ACTIVITY →
Find the string "symO" in the data, and copy out each line that has it.

>>>>>

(* Let $\Omega\subset\mathbb{R}^{2n}$ be a centrally symmetric convex body with $c^{\mathrm{lin}}_{\min}(\Omega)\ge\pi$, and let $(\ell,\ell')$ be a pair of transverse Lagrangian planes, with $\Pi_\ell$ the projection onto $\ell$ along $\ell'$ and $\Pi_{\ell'}$ the projection onto $\ell'$ along $\ell$. Then $(\Pi_\ell\Omega)^o_{\ell'}\subset\Pi_{\ell'}\Omega$, i.e. $(\Pi_\ell\Omega,\Pi_{\ell'}\Omega)$ is a Lagrangian polar dual pair.
   Context: Write $z=(x,p)\in\mathbb{R}^{2n}$, $\omega((x,p),(x',p'))=p\cdot x'-p'\cdot x$. $\mathrm{Sp}(n)$ is the group of linear automorphisms preserving $\omega$. $c^{\mathrm{lin}}_{\min}(\Omega)=\sup\{\pi R^2: S(B^{2n}(z_0,R))\subset\Omega,\ S\in\mathrm{Sp}(n),\ z_0\in\mathbb{R}^{2n}\}$ where $B^{2n}(z_0,R)$ is the closed Euclidean ball of radius $R$ centered at $z_0$. A Lagrangian plane is an $n$-dimensional subspace on which $\omega$ vanishes; $\ell,\ell'$ are transverse if $\ell\cap\ell'=0$. For a centrally symmetric convex body $X_\ell\subset\ell$, its Lagrangian polar dual in $\ell'$ is $X^o_{\ell'}=\{z'\in\ell':\omega(z,z')\le1\ \forall z\in X_\ell\}$; $(X_\ell,Y_{\ell'})$ is a Lagrangian polar dual pair if $X^o_{\ell'}\subset Y_{\ell'}$. *)

(* Points z = (x,p) of R^{2n} are row vectors 'rV[R]_(n + n):
   x = lsubmx z (first n coordinates), p = rsubmx z (last n coordinates). *)
From HB Require Import structures.
From mathcomp Require Import all_boot all_order all_algebra.
From mathcomp Require Import all_classical all_reals all_analysis.
Import numFieldNormedType.Exports.
Set Implicit Arguments. Unset Strict Implicit. Unset Printing Implicit Defensive.
Import Order.TTheory GRing.Theory Num.Theory.
Local Open Scope ring_scope.
Local Open Scope classical_set_scope.

Section Defs.
Variables (R : realType) (n : nat).

Notation pt := 'rV[R]_(n + n).

Definition dotv (a b : 'rV[R]_n) : R := (a *m b^T) 0 0.

Definition omega (z z' : pt) : R :=
  dotv (rsubmx z) (lsubmx z') - dotv (rsubmx z') (lsubmx z).

Definition sqnorm (z : pt) : R := (z *m z^T) 0 0.

Definition cball2n (z0 : pt) (r : R) : set pt :=
  [set z | sqnorm (z - z0) <= r ^+ 2].

Definition symplectic (S : 'M[R]_(n + n)) : Prop :=
  S \in unitmx /\ forall u v : pt, omega (u *m S) (v *m S) = omega u v.

Definition clin_min (Omega : set pt) : R :=
  sup [set pi * r ^+ 2 | r in [set r : R | 0 < r /\
         exists (S : 'M[R]_(n + n)) (z0 : pt),
           symplectic S /\ (fun z => z *m S) @` cball2n z0 r `<=` Omega]].

Definition convex_set (Omega : set pt) : Prop :=
  forall a b : pt, Omega a -> Omega b -> forall t : R, 0 <= t <= 1 ->
    Omega (t *: a + (1 - t) *: b).

Definition centrally_symmetric_convex_body (Omega : set pt) : Prop :=
  compact Omega /\ convex_set Omega /\
  (exists (z0 : pt) (r : R), 0 < r /\ cball2n z0 r `<=` Omega) /\
  (forall z : pt, Omega z -> Omega (- z)).

Definition lagrangian (L : 'M[R]_(n + n)) : Prop :=
  \rank L = n /\
  forall u v : pt, (u <= L)%MS -> (v <= L)%MS -> omega u v = 0.

Definition transverse (L L' : 'M[R]_(n + n)) : Prop :=
  \rank (L :&: L')%MS = 0%N.

Definition proj_along (L L' : 'M[R]_(n + n)) (z : pt) : pt :=
  z *m proj_mx L L'.

Definition lag_polar (X : set pt) (L' : 'M[R]_(n + n)) : set pt :=
  [set z' | (z' <= L')%MS /\ forall z, X z -> omega z z' <= 1].

Definition lag_polar_dual_pair (X Y : set pt) (L' : 'M[R]_(n + n)) : Prop :=
  lag_polar X L' `<=` Y.

End Defs.

(* The heart of the matter is that the omega-polar of Omega lies in Omega.
   Let omega w z' <= 1 on Omega, take a symplectic image S(B(0, r)) of a ball
   inside Omega with r^2 close to 1 (symmetry and convexity recentre the ball at
   the origin) and put v := S^-1 z'.  The ball point r J v / |v|, mapped by S,
   pairs with z' to r |v|, so r |v| <= 1 and r^2 z' = S(r^2 v) lies in
   S(B(0, r)); convexity and closedness then give z' in Omega.  For z' in the
   Lagrangian plane L', omega (Pi_L w) z' = omega w z' because Pi_L' w pairs
   trivially with z', so the polar of Pi_L Omega in L' lies in Omega, and Pi_L'
   fixes its points. *)
From Pilot Require Import Defs.
From HB Require Import structures.
From mathcomp Require Import all_boot all_order all_algebra.
From mathcomp Require Import all_classical all_reals all_analysis.
From mathcomp Require Import ring lra.
Import numFieldNormedType.Exports.
Import Order.TTheory GRing.Theory Num.Theory.
Local Open Scope ring_scope.
Local Open Scope classical_set_scope.

Lemma closed_scale_lim (R : realType) (V : normedModType R) (A : set V) (z : V) :
  closed A -> (forall s : R, 0 < s < 1 -> A (s *: z)) -> A z.
Proof.
move=> clA As.
apply: (@closed_cvg _ _ (at_left (1:R)) _ (fun s : R => s *: z) _ clA).
- near=> s; apply: As; apply/andP; split; near: s;
    [exact: nbhs_left_gt | exact: nbhs_left_lt].
- rewrite -[X in _ --> X]scale1r; apply: cvgZ; last exact: cvg_cst.
  apply: cvg_at_left_filter; exact: cvg_id.
Unshelve. all: end_near.
Qed.

Section SymplecticForm.
Variables (R : realType) (n : nat).
Notation pt := 'rV[R]_(n + n).

Lemma dotvDl (a b c : 'rV[R]_n) : dotv (a + b) c = dotv a c + dotv b c.
Proof. by rewrite /dotv mulmxDl mxE. Qed.

Lemma dotvDr (a b c : 'rV[R]_n) : dotv c (a + b) = dotv c a + dotv c b.
Proof. by rewrite /dotv linearD /= mulmxDr mxE. Qed.

Lemma dotvZl k (a c : 'rV[R]_n) : dotv (k *: a) c = k * dotv a c.
Proof. by rewrite /dotv -scalemxAl mxE. Qed.

Lemma dotvZr k (a c : 'rV[R]_n) : dotv c (k *: a) = k * dotv c a.
Proof. by rewrite /dotv linearZ /= -scalemxAr mxE. Qed.

Lemma dotvv_ge0 (a : 'rV[R]_n) : 0 <= dotv a a.
Proof.
rewrite /dotv mxE; apply: sumr_ge0 => i _; rewrite mxE -expr2; exact: sqr_ge0.
Qed.

Lemma omegaDl (a b c : pt) : omega (a + b) c = omega a c + omega b c.
Proof. by rewrite /omega !linearD /= dotvDl dotvDr; lra. Qed.

Lemma omegaZl k (a c : pt) : omega (k *: a) c = k * omega a c.
Proof. by rewrite /omega !linearZ /= dotvZl dotvZr; lra. Qed.

Lemma sqnormE (v : pt) :
  sqnorm v = dotv (lsubmx v) (lsubmx v) + dotv (rsubmx v) (rsubmx v).
Proof. by rewrite /sqnorm -{1 2}(hsubmxK v) tr_row_mx mul_row_col mxE. Qed.

Lemma sqnorm_ge0 (v : pt) : 0 <= sqnorm v.
Proof. by rewrite sqnormE addr_ge0 ?dotvv_ge0. Qed.

Lemma sqnormZ k (v : pt) : sqnorm (k *: v) = k ^+ 2 * sqnorm v.
Proof. by rewrite !sqnormE !linearZ /= !dotvZl !dotvZr; lra. Qed.

Lemma sqnorm0 : sqnorm (0 : pt) = 0.
Proof. by rewrite -(scale0r (0 : pt)) sqnormZ expr0n mul0r. Qed.

Definition cplx_struct (v : pt) : pt := row_mx (- rsubmx v) (lsubmx v).

Lemma omega_cplx_struct (v : pt) : omega (cplx_struct v) v = sqnorm v.
Proof.
rewrite /omega /cplx_struct row_mxKl row_mxKr sqnormE.
by rewrite -[- rsubmx v]scaleN1r dotvZr; lra.
Qed.

Lemma sqnorm_cplx_struct (v : pt) : sqnorm (cplx_struct v) = sqnorm v.
Proof.
rewrite !sqnormE /cplx_struct row_mxKl row_mxKr.
by rewrite -[- rsubmx v]scaleN1r dotvZr dotvZl; lra.
Qed.

End SymplecticForm.
Arguments cplx_struct {R n}.

Section SymmetricConvex.
Variables (R : realType) (n : nat) (Omega : set 'rV[R]_(n + n)).
Notation pt := 'rV[R]_(n + n).
Hypotheses (cvxO : Defs.convex_set Omega) (symO : forall z : pt, Omega z -> Omega (- z)).

(* z0 + x and -(z0 - x) are images of ball points, with midpoint x. *)
Lemma symplectic_ball_center0 (S : 'M[R]_(n + n)) (z0 : pt) (r : R) :
  (fun z => z *m S) @` cball2n z0 r `<=` Omega ->
  forall x : pt, sqnorm x <= r ^+ 2 -> Omega (x *m S).
Proof.
move=> sub x hx.
have Oplus : Omega ((z0 + x) *m S).
  by apply: sub; exists (z0 + x) => //; rewrite /cball2n /= addrAC subrr add0r.
have Ominus : Omega (- ((z0 - x) *m S)).
  apply: symO; apply: sub; exists (z0 - x) => //.
  by rewrite /cball2n /= addrAC subrr add0r -scaleN1r sqnormZ; lra.
have -> : x *m S = 2^-1 *: ((z0 + x) *m S) + (1 - 2^-1) *: (- ((z0 - x) *m S)).
  have -> : 1 - 2^-1 = 2^-1 :> R by lra.
  rewrite -scalerDr mulmxDl mulmxBl opprB [z0 *m S + _]addrC addrACA subrr addr0.
  by rewrite -mulr2n -scalerMnr scalerMnl -mulr_natr mulVf ?scale1r ?pnatr_eq0.
have half01 : 0 <= (2^-1 : R) <= 1 by apply/andP; split; lra.
exact: cvxO _ _ Oplus Ominus _ half01.
Qed.

Lemma convex_scale0 (z : pt) (t : R) :
  Omega 0 -> Omega z -> 0 <= t <= 1 -> Omega (t *: z).
Proof.
move=> O0 Oz t01.
by rewrite -[t *: z]addr0 -(scaler0 _ (1 - t)); exact: cvxO _ _ Oz O0 _ t01.
Qed.

End SymmetricConvex.
Arguments symplectic_ball_center0 {R n Omega} cvxO symO {S z0 r}.
Arguments convex_scale0 {R n Omega}.

Section PolarInclusion.
Variables (R : realType) (n : nat) (Omega : set 'rV[R]_(n + n)).
Notation pt := 'rV[R]_(n + n).

Lemma lt_clin_min (s : R) : 0 < s -> pi * s < clin_min Omega ->
  exists r, [/\ 0 < r, s < r ^+ 2 & exists S z0,
    symplectic S /\ (fun z => z *m S) @` cball2n z0 r `<=` Omega].
Proof.
move=> s0; rewrite /clin_min; set E := [set _ | _ in _] => piE.
have [E0|E0] := eqVneq E set0.
  by move: piE; rewrite E0 sup0 => h; have := pi_gt0 R; nra.
have [_ [r [r0 ball]] <-] := sup_gt (proj1 (set0P E) E0) piE.
by rewrite ltr_pM2l ?pi_gt0 // => sr; exists r.
Qed.

(* The pairing of z' with the image of r |v|^-1 J v, v := z' S^-1, is r |v|. *)
Lemma omega_polar_symplectic_ball (S : 'M[R]_(n + n)) (r : R) (z' : pt) :
  symplectic S -> 0 < r ->
  (forall x : pt, sqnorm x <= r ^+ 2 -> Omega (x *m S)) ->
  (forall w, Omega w -> omega w z' <= 1) ->
  r ^+ 2 * sqnorm (z' *m invmx S) <= 1.
Proof.
move=> [Su Sw] r0 ball polar; set v := z' *m invmx S.
have [v0|v0] := eqVneq (sqnorm v) 0; first by rewrite v0 mulr0 ler01.
have vpos : 0 < sqnorm v by rewrite lt_neqAle eq_sym v0 sqnorm_ge0.
set q := Num.sqrt (sqnorm v).
have q0 : 0 < q by rewrite sqrtr_gt0.
have qv : q ^+ 2 = sqnorm v by rewrite sqr_sqrtr // ltW.
have : Omega (((r / q) *: cplx_struct v) *m S).
  apply: ball; rewrite sqnormZ sqnorm_cplx_struct -qv expr_div_n mulrAC -mulrA.
  by rewrite mulfV ?mulr1 // expf_neq0 // gt_eqF.
move/polar; rewrite -{1}(mulmxKV Su z') Sw omegaZl omega_cplx_struct -qv.
have -> : r / q * q ^+ 2 = r * q by rewrite expr2 mulrA divfK // gt_eqF.
have rq0 : 0 <= r * q by rewrite mulr_ge0 // ltW.
by rewrite !expr2 => ?; nra.
Qed.

Lemma omega_polar_sub :
  centrally_symmetric_convex_body Omega -> pi <= clin_min Omega ->
  forall z', (forall w, Omega w -> omega w z' <= 1) -> Omega z'.
Proof.
move=> [cptO [cvxO [_ symO]]] piO z' polar.
apply: closed_scale_lim => [|s /andP[s0 s1]].
  by apply: compact_closed => //; exact: norm_hausdorff.
have [|r [r0 sr [S [z0 [Ssymp sub]]]]] := @lt_clin_min s s0.
  by apply: lt_le_trans piO; have := pi_gt0 R; nra.
have ball := symplectic_ball_center0 cvxO symO sub.
have bound := omega_polar_symplectic_ball _ _ _ Ssymp r0 ball polar.
have r20 : 0 < r ^+ 2 by rewrite exprn_gt0.
have Or2z : Omega (r ^+ 2 *: z').
  rewrite -(mulmxKV (proj1 Ssymp) z') scalemxAl; apply: ball.
  by rewrite sqnormZ !expr2 in bound *; nra.
have O0 : Omega 0 by rewrite -(mul0mx _ S); apply: ball; rewrite sqnorm0 sqr_ge0.
have -> : s *: z' = (s / r ^+ 2) *: (r ^+ 2 *: z') by rewrite scalerA divfK ?gt_eqF.
apply: convex_scale0 => //; apply/andP; split; first by rewrite divr_ge0 ?ltW.
by rewrite ler_pdivrMr // mul1r ltW.
Qed.

End PolarInclusion.
Arguments omega_polar_sub {R n Omega}.

Section LagrangianSplitting.
Variables (R : realType) (n : nat) (L L' : 'M[R]_(n + n)).
Notation pt := 'rV[R]_(n + n).

Lemma transverse_capmx0 : transverse L L' -> (L :&: L' = 0)%MS.
Proof. by move=> tr; apply/eqP; rewrite -mxrank_eq0; apply/eqP. Qed.

Lemma transverse_lagrangian_full :
  lagrangian L -> lagrangian L' -> transverse L L' -> row_full (L + L')%MS.
Proof.
move=> [rL _] [rL' _] tr; rewrite /row_full.
by have := mxrank_sum_cap L L'; rewrite rL rL' tr addn0 => ->.
Qed.

Lemma omega_proj_along_lagrangian (w z' : pt) :
  lagrangian L -> lagrangian L' -> transverse L L' -> (z' <= L')%MS ->
  omega (proj_along L L' w) z' = omega w z'.
Proof.
move=> lagL lagL' tr z'L'.
have wLL' : (w <= L + L')%MS by apply: submx_full; exact: transverse_lagrangian_full.
rewrite -[w in RHS](add_proj_mx (transverse_capmx0 tr) wLL') omegaDl.
by rewrite (lagL'.2 (w *m proj_mx L' L) z') ?proj_mx_sub // addr0.
Qed.

End LagrangianSplitting.
Arguments omega_proj_along_lagrangian {R n L L'}.
Arguments transverse_capmx0 {R n L L'}.

Theorem mainTheorem10 (R : realType) (n : nat)
    (Omega : set 'rV[R]_(n + n)) (L L' : 'M[R]_(n + n)) :
  centrally_symmetric_convex_body Omega ->
  pi <= clin_min Omega ->
  lagrangian L -> lagrangian L' -> transverse L L' ->
  lag_polar_dual_pair (proj_along L L' @` Omega) (proj_along L' L @` Omega) L'.
Proof.
move=> bodyO piO lagL lagL' tr z' [z'L' polar].
exists z'; last by rewrite /proj_along proj_mx_id // capmxC transverse_capmx0.
apply: (omega_polar_sub bodyO piO) => w Ow.
rewrite -(omega_proj_along_lagrangian w z' lagL lagL' tr z'L').
by apply: polar; exists w.
Qed.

<<<<<

RESPONSE AREA →
Hypotheses (cvxO : Defs.convex_set Omega) (symO : forall z : pt, Omega z -> Omega (- z)).
  apply: symO; apply: sub; exists (z0 - x) => //.
Arguments symplectic_ball_center0 {R n Omega} cvxO symO {S z0 r}.
move=> [cptO [cvxO [_ symO]]] piO z' polar.
have ball := symplectic_ball_center0 cvxO symO sub.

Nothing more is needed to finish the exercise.